Ripolianas (4)

Então, deixando os caipiras no Oton, fui ao hotel onde o Rípoli instalara sua corte: Belinha, Luiz Cunha, Mariana e eu. Assustei: era o Hotel Glória. E acendeu-se-me uma luz no mais fundo da inteligência: “Tem mé no toco.” Pois, mão de vaca de fama universal, Rípoli não pagaria — a não ser por segundas intenções — diárias no Hotel Glória para pobres diabos como nós.

Mais à noitinha, num jantar quase de gala, comecei a entender, à chegada de repórteres de jornais, de rádio, de televisão. Até a sala de imprensa do Glória fora reservada: Rípoli ia falar! E imagine se ele, Romeu Ítalo Rípoli, falaria à imprensa carioca em outro hotel que não o Glória ou o Copacabana Palace?

Como ia ser julgado pela antiga CBF — um processo esportivo — ele mobilizou a imprensa, agitou o Rio, esculhambou o Hotel Glória, acho que ofereceu champanha e caviar aos jornalistas, não me lembro. Circo armado, lá nos fomos, no dia seguinte, assistir ao julgamento dele pelo tribunal esportivo. Parecia filme de suspense, semelhante a “Psicose”. Abrem-se as cortinas: Luiz Cunha puxa o cordão, Rípoli chega de braço dado com Belinha; eu, com Mariana. Só faltou a banda “União Operária” para tocar “Pompa e Circunstância”.
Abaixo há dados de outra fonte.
(* Let $G$ be a graph with $n\ge 2$ vertices and average degree $d$. Then $G$ has a (possibly non-induced) subgraph with all degrees lying in the range $[d',6d']$, where $$d'=\frac{\left\lfloor (d/4-1)/\lceil \log n\rceil\right\rfloor+1}{6}.$$
   Context: Logarithms are base 2. *)

From HB Require Import structures.
From mathcomp Require Import all_boot all_order all_algebra.
Set Implicit Arguments. Unset Strict Implicit. Unset Printing Implicit Defensive.
Import Order.TTheory GRing.Theory Num.Theory.

Definition simple_graph (T : finType) (e : rel T) : Prop :=
  symmetric e /\ irreflexive e.

Definition deg (T : finType) (e : rel T) (v : T) : nat := #|[set w | e v w]|.

Definition avg_deg (T : finType) (e : rel T) : rat :=
  ((\sum_(v : T) deg e v)%:R / (#|T|)%:R)%R.

(* ceil(log_2 n) for n >= 1 : the least k with n <= 2^k *)
Definition ceil_log2 (n : nat) : nat := up_log 2 n.

Definition dprime (d : rat) (n : nat) : rat :=
  (((Num.floor ((d / 4%:R - 1) / (ceil_log2 n)%:R) + 1)%:~R) / 6%:R)%R.

Definition is_subgraph (T : finType) (e : rel T) (S : {set T}) (f : rel T) : Prop :=
  symmetric f /\ (forall x y, f x y -> e x y) /\
  (forall x y, f x y -> (x \in S) && (y \in S)).

(* Let k = 6d' and L = ceil(log n). The case k = 0 is trivial; otherwise, by the definition of
   d', the average degree is at least 4((k - 1)L + 1). Peeling off vertices of small degree
   leaves a nonempty W of minimum degree greater than 2(k - 1)L. Take a maximal subgraph F of
   G[W] of maximum degree k. If F has average degree at least k/3, peeling F leaves minimum
   degree at least k/6 and we are done. Otherwise the vertices of F-degree k form a set S with
   |S| < |W|/3, and every vertex outside S has fewer than k neighbours outside S. Pairing |S|
   vertices outside S with S and repeating the argument on the bipartite graph between the two
   sides, the second side shrinks by a factor 2/3 per round while degrees into it drop by less
   than k. Since |W| <= 2^L, after 2L - 1 rounds it would be empty while degrees are still
   positive, so some round ends in the dense case. *)

From mathcomp Require Import all_boot all_order all_algebra.
From mathcomp Require Import zify lra.
Import Order.TTheory GRing.Theory Num.Theory.

Section AlmostRegularSubgraph.
Set Implicit Arguments.
Unset Strict Implicit.
Variable T : finType.
Implicit Types (e f r : rel T) (S W X Y : {set T}).

Definition deg_in f W v : nat := \sum_(w in W) f v w.

Lemma deg_inE f W v : deg_in f W v = \sum_w ((w \in W) && f v w).
Proof. by rewrite /deg_in big_mkcond; apply: eq_bigr => w _; case: (w \in W). Qed.

Lemma deg_in_setT f v : deg_in f [set: T] v = deg f v.
Proof.
rewrite deg_inE /deg -sum1_card [RHS]big_mkcond /=.
by apply: eq_bigr => w _; rewrite !inE; case: (f v w).
Qed.

Lemma leq_deg_in f f' W W' v : W \subset W' ->
  (forall w, w \in W -> f v w -> f' v w) -> deg_in f W v <= deg_in f' W' v.
Proof.
move=> /subsetP sWW' ff'; rewrite !deg_inE; apply: leq_sum => w _.
case Ww: (w \in W) => //=; rewrite (sWW' w Ww).
by case: (f v w) (ff' w Ww) => // ->.
Qed.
Iniciada a sessão, Cunha começa a falar, Rípoli o interrompe: “Incelências: eu é que vô fazê minha defesa.” A sessão parou, o tribunal tremeu, trocam-se consultas e cochichos, decide-se: “já que tá que fique e Rípoli se defenda.” Quem se lembra da Libertad Lamarque, a atriz argentina que inundava o mundo de lágrimas com seus dramalhões? Rípoli era a própria Libertad, o Felix Caignet de “O Direito de Nascer.” Eu chorei, tu choraste, ele chorou, nós choramos. O mundo chorou. Rípoli, soluçando, olhava para Belinha: “Minha santa esposa, o que será dela se eu for condenado? E meus filhos, rezando por mim em Piracicaba?” Mentira. O Caetano estava namorando e a Beth Rípoli, tocando piano.

Luiz Cunha e eu queríamos morrer; minha mulher, matar-me. Mas — fungando e assoando narizes — os juizes absolveram o Rípoli por unanimidade. E aplaudiram-no. A imprensa carioca chamou-o “maior dirigente esportivo do Brasil, exemplo para redimir o futebol brasileiro.” Rípoli achou pouco.
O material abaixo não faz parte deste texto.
(* Let [spread x] be max_(i,j) (x_i - x_j).  Every A_s is row-stochastic, so the spread
   never increases.  Fix a root r in chi, allowed at every time, and an in-neighbour c of r.
   From any time k on there is an admissible word of length N q after which every row of the
   product puts weight at least a^(N q) on column c, a being the least positive entry of A:
   the set of such rows grows along the edges leaving c, by one node per window of length q
   given by (d), while r is updated in the remaining slots.  Such a product contracts the
   spread by a fixed factor g < 1.  By (b) and (c) every admissible word of length N q has
   conditional probability at least alpha^(N q) given any history, so the expected squared
   spread decays geometrically; Markov's inequality and disagreement <= N spread^2 conclude. *)

From mathcomp Require Import all_boot all_order all_algebra.
From mathcomp Require Import all_classical all_reals all_analysis.
From mathcomp Require Import ring lra zify.
Import Order.TTheory GRing.Theory Num.Theory numFieldNormedType.Exports.
Local Open Scope classical_set_scope.
Local Open Scope ring_scope.
Set Implicit Arguments.
Unset Strict Implicit.

(** * Spread and row-stochastic matrices *)

Section Spread.
Context {R : realDomainType} {N : nat}.
Implicit Types x : 'cV[R]_N.

Definition spread x : R := \big[Num.max/0]_i \big[Num.max/0]_j (x i 0 - x j 0).

Lemma spread_ub x i j : x i 0 - x j 0 <= spread x.
Proof.
apply: le_trans (le_bigmax _ _ i).
exact: (le_bigmax _ (fun j => x i 0 - x j 0) j).
Qed.

Lemma spread_ge0 x : 0 <= spread x.
Proof. by rewrite /spread bigmax_idl le_max lexx. Qed.

Lemma spread_le x b : 0 <= b -> (forall i j, x i 0 - x j 0 <= b) -> spread x <= b.
Proof. by move=> b0 xb; do 2![apply: bigmax_le => // ? _]. Qed.

End Spread.

Section RowStochastic.
Context {R : realType} {N : nat}.
Implicit Types (W : 'M[R]_N) (x : 'cV[R]_N).

Lemma row_stochastic1 : row_stochastic (1%:M : 'M[R]_N).
Proof.
split=> [i j|i]; first by rewrite mxE ler0n.
by rewrite (bigD1 i) //= mxE eqxx big1 ?addr0 // => j; rewrite mxE eq_sym => /negPf->.
Qed.

Lemma row_stochastic_mul W1 W2 :
  row_stochastic W1 -> row_stochastic W2 -> row_stochastic (W1 *m W2).
Proof.
move=> [W1_ge0 W1_sum] [W2_ge0 W2_sum]; split=> [i j|i].
  by rewrite mxE; apply: sumr_ge0 => k _; apply: mulr_ge0.
under eq_bigr do rewrite mxE.
rewrite exchange_big /= -[RHS](W1_sum i); apply: eq_bigr => k _.
by rewrite -big_distrr /= W2_sum mulr1.
Qed.

Lemma row_stochastic_Asub (A : 'M[R]_N) s : row_stochastic A -> row_stochastic (Asub A s).
Proof.
move=> [A_ge0 A_sum]; split=> [i j|i]; rewrite /Asub.
  by rewrite mxE; case: eqP => _ //; rewrite ler0n.
under eq_bigr do rewrite mxE.
case: eqP => _; first exact: A_sum.
by rewrite (bigD1 i) //= eqxx big1 ?addr0 // => j; rewrite eq_sym => /negPf->.
Qed.

Lemma row_stochastic_mulmx_sub W x i j : row_stochastic W ->
  (W *m x) i 0 - (W *m x) j 0 = \sum_k \sum_l W i k * W j l * (x k 0 - x l 0).
Proof.
move=> [_ W_sum]; rewrite !mxE.
have -> : \sum_k \sum_l W i k * W j l * (x k 0 - x l 0) =
    \sum_k \sum_l W i k * W j l * x k 0 - \sum_l \sum_k W i k * W j l * x l 0.
  rewrite [X in _ - X]exchange_big /= -sumrB.
  by apply: eq_bigr => k _; rewrite -sumrB; apply: eq_bigr => l _; ring.
congr (_ - _); apply: eq_bigr => k _.
  by rewrite -[LHS]mulr1 -(W_sum j) big_distrr /=; apply: eq_bigr => l _; ring.
by rewrite -[LHS]mulr1 -(W_sum i) big_distrr /=; apply: eq_bigr => l _; ring.
Qed.

(* The diagonal terms vanish, and their total weight is at least [W i c * W j c]. *)
Lemma row_stochastic_mulmx_sub_le W x i j c : row_stochastic W ->
  (W *m x) i 0 - (W *m x) j 0 <= spread x * (1 - W i c * W j c).
Proof.
move=> W_stoch; have [W_ge0 W_sum] := W_stoch.
rewrite row_stochastic_mulmx_sub //.
have off_diag k : \sum_l W i k * W j l * (1 - (k == l)%:R) = W i k * (1 - W j k).
  rewrite (bigD1 k) //= eqxx subrr mulr0 add0r.
  under eq_bigr => l /negPf lk do rewrite eq_sym lk subr0 mulr1.
  rewrite -big_distrr /=; congr (_ * _).
  by rewrite -(W_sum j) [in RHS](bigD1 k) //= addrAC subrr add0r.
apply: (@le_trans _ _ (spread x * \sum_k \sum_l W i k * W j l * (1 - (k == l)%:R))).
  rewrite big_distrr; apply: ler_sum => k _; rewrite big_distrr; apply: ler_sum => l _ /=.
  rewrite mulrCA ler_wpM2l ?mulr_ge0 //.
  by case: eqP => [->|_]; rewrite ?subrr ?mulr0 // subr0 mulr1 spread_ub.
apply: ler_wpM2l; first exact: spread_ge0.
under eq_bigr do rewrite off_diag mulrBr mulr1.
rewrite sumrB W_sum lerD2l lerN2 (bigD1 c) //= lerDl.
by apply: sumr_ge0 => k _; apply: mulr_ge0.
Qed.

Lemma spread_row_stochastic W x : row_stochastic W -> spread (W *m x) <= spread x.
Proof.
move=> W_stoch; apply: spread_le => [|i j]; first exact: spread_ge0.
apply: le_trans (row_stochastic_mulmx_sub_le x i j i W_stoch) _.
have [W_ge0 _] := W_stoch.
by rewrite ler_piMr ?spread_ge0 // gerBl mulr_ge0.
Qed.

Lemma row_stochastic_le1 W i j : row_stochastic W -> W i j <= 1.
Proof.
move=> [W_ge0 W_sum]; rewrite -(W_sum i) (bigD1 j) //= lerDl.
by apply: sumr_ge0 => k _.
Qed.

Lemma spread_row_stochastic_col W x c e : row_stochastic W -> 0 <= e ->
  (forall i, e <= W i c) -> spread (W *m x) <= (1 - e ^+ 2) * spread x.
Proof.
move=> W_stoch e_ge0 eW.
have e_le1 : e <= 1 := le_trans (eW c) (row_stochastic_le1 c c W_stoch).
apply: spread_le => [|i j].
  by rewrite mulr_ge0 ?spread_ge0 // subr_ge0 expr_le1.
apply: le_trans (row_stochastic_mulmx_sub_le x i j c W_stoch) _.
rewrite mulrC ler_wpM2r ?spread_ge0 // lerD2l lerN2 expr2.
by apply: ler_pM.
Qed.

End RowStochastic.

(** * Products along admissible words *)

Section Products.
Context {R : realType} {N : nat} (A : 'M[R]_N).

Definition Aprod (w : seq 'I_N) : 'M[R]_N := foldl (fun M s => Asub A s *m M) 1%:M w.

Lemma Aprod_nil : Aprod [::] = 1%:M.
Proof. by []. Qed.

Lemma Aprod_rcons w s : Aprod (rcons w s) = Asub A s *m Aprod w.
Proof. by rewrite /Aprod foldl_rcons. Qed.

Lemma Aprod_cat u w : Aprod (u ++ w) = Aprod w *m Aprod u.
Proof.
elim/last_ind: w => [|w s IHw]; first by rewrite cats0 Aprod_nil mul1mx.
by rewrite -rcons_cat !Aprod_rcons IHw mulmxA.
Qed.

Lemma row_stochastic_Aprod w : row_stochastic A -> row_stochastic (Aprod w).
Proof.
move=> A_stoch; elim/last_ind: w => [|w s IHw]; first exact: row_stochastic1.
by rewrite Aprod_rcons; apply: row_stochastic_mul => //; apply: row_stochastic_Asub.
Qed.

Lemma Asub_mulmxE s (W : 'M[R]_N) i j :
  (Asub A s *m W) i j = if i == s then \sum_k A s k * W k j else W i j.
Proof.
rewrite mxE; have [->|ne] := eqVneq i s.
  by apply: eq_bigr => k _; rewrite mxE eqxx.
rewrite (bigD1 i) //= mxE (negPf ne) eqxx mul1r big1 ?addr0 // => k ki.
by rewrite mxE (negPf ne) eq_sym (negPf ki) mul0r.
Qed.

End Products.

Section Admissible.
Context {N : nat} (I : nat -> {set 'I_N}).

Fixpoint admissible (k : nat) (w : seq 'I_N) : Prop :=
  if w is s :: w' then s \in I k /\ admissible k.+1 w' else True.

Lemma admissible_cat k u w :
  admissible k u -> admissible (k + size u) w -> admissible k (u ++ w).
Proof.
elim: u k => [|s u IHu] k /=; first by rewrite addn0.
by move=> [sI Iu] Iw; split=> //; apply: IHu; rewrite // addSnnS.
Qed.

Lemma admissible_nseq k n s : (forall j, (k <= j)%N -> s \in I j) -> admissible k (nseq n s).
Proof.
elim: n k => [|n IHn] k sI //=; split; first exact: sI.
by apply: IHn => j kj; apply: sI; apply: ltnW.
Qed.

End Admissible.

Lemma bigcup_nat_mem {T : finType} m n (F : nat -> {set T}) x :
  x \in \bigcup_(m <= i < n) F i -> exists2 i, (m <= i < n)%N & x \in F i.
Proof.
rewrite big_seq_cond; elim/big_rec: _ => [|i X /andP[i_mn _] IHX]; first by rewrite inE.
by rewrite finset.in_setU => /orP[xF|/IHX //]; exists i; rewrite -?mem_index_iota.
Qed.

Lemma connect_exit {T : finType} (e : rel T) (S : {set T}) x y :
  connect e x y -> x \in S -> y \notin S -> exists a b, [/\ a \in S, b \notin S & e a b].
Proof.
move=> /connectP [p + ->]; elim: p x => [|z p IHp] x /= => [_ xS|/andP[exz zp] xS yS].
  by rewrite xS.
have [zS|zS] := boolP (z \in S); first exact: IHp zp zS yS.
by exists x, z.
Qed.

Section ColumnGrowth.
Context {R : realType} {N : nat} (A : 'M[R]_N) (a : R) (c : 'I_N).
Hypotheses (A_stoch : row_stochastic A) (a_gt0 : 0 < a) (a_le1 : a <= 1)
  (a_le : forall i j, 0 < A i j -> a <= A i j).
Implicit Types (S : {set 'I_N}) (u w : seq 'I_N).
Let a_ge0 : 0 <= a := ltW a_gt0.

Definition col_bounded (S : {set 'I_N}) (w : seq 'I_N) :=
  forall i, i \in S -> a ^+ size w <= Aprod A w i c.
No dia seguinte, ele nos levou a uma audiência com o presidente da CBF, Almirante Heleno Nunes, homem dos militares. Era na rua da Alfândega. Outra vez não entendi: por que a Belinha e a Mariana tinham que ir conosco? O Almirante fez-nos entrar, Rípoli e eu, ficamos na conversa mole. De repente, o Rípoli falou: “Almirante, minha mulher, Belinha, veio até o Rio só para homenagear a sua excelentíssima senhora.”

Belinha nem sabia o nome da tal excelentíssima senhora Heleno Nunes. Mas, com Mariana ao lado, entrou. Pareciam duas tontas, trêmulas. E eu tremi — pensando em prisão, em tortura militar — quando vi dona Bela com uma requintada caixinha nas mãos. Rípoli andava interessado em pedras preciosas e imitações, presenteava os amigos com pedaços de zircônio como se fossem diamantes. Entrei em pânico. Mas, sem gaguejar, Belinha falou: “Em nome da muié piracicabana quero homenageá a sua muié que é símbolo da muié brasileira.” Era um colar de esmeraldas.

Imaginei a manchete nos jornais: “Rípoli e quadrilha tentam subornar o Almirante.” Mas escapamos. Dois dias depois, ofício de Heleno Nunes designava o XV convidado especial do campeonato brasileiro de futebol. O time, capenga, estava quase à morte. Mas Rípoli provou: esmeraldas ressuscitam qualquer defunto.

*A série denominada Ripolianas é republicada para constar dos arquivos de A Província.com.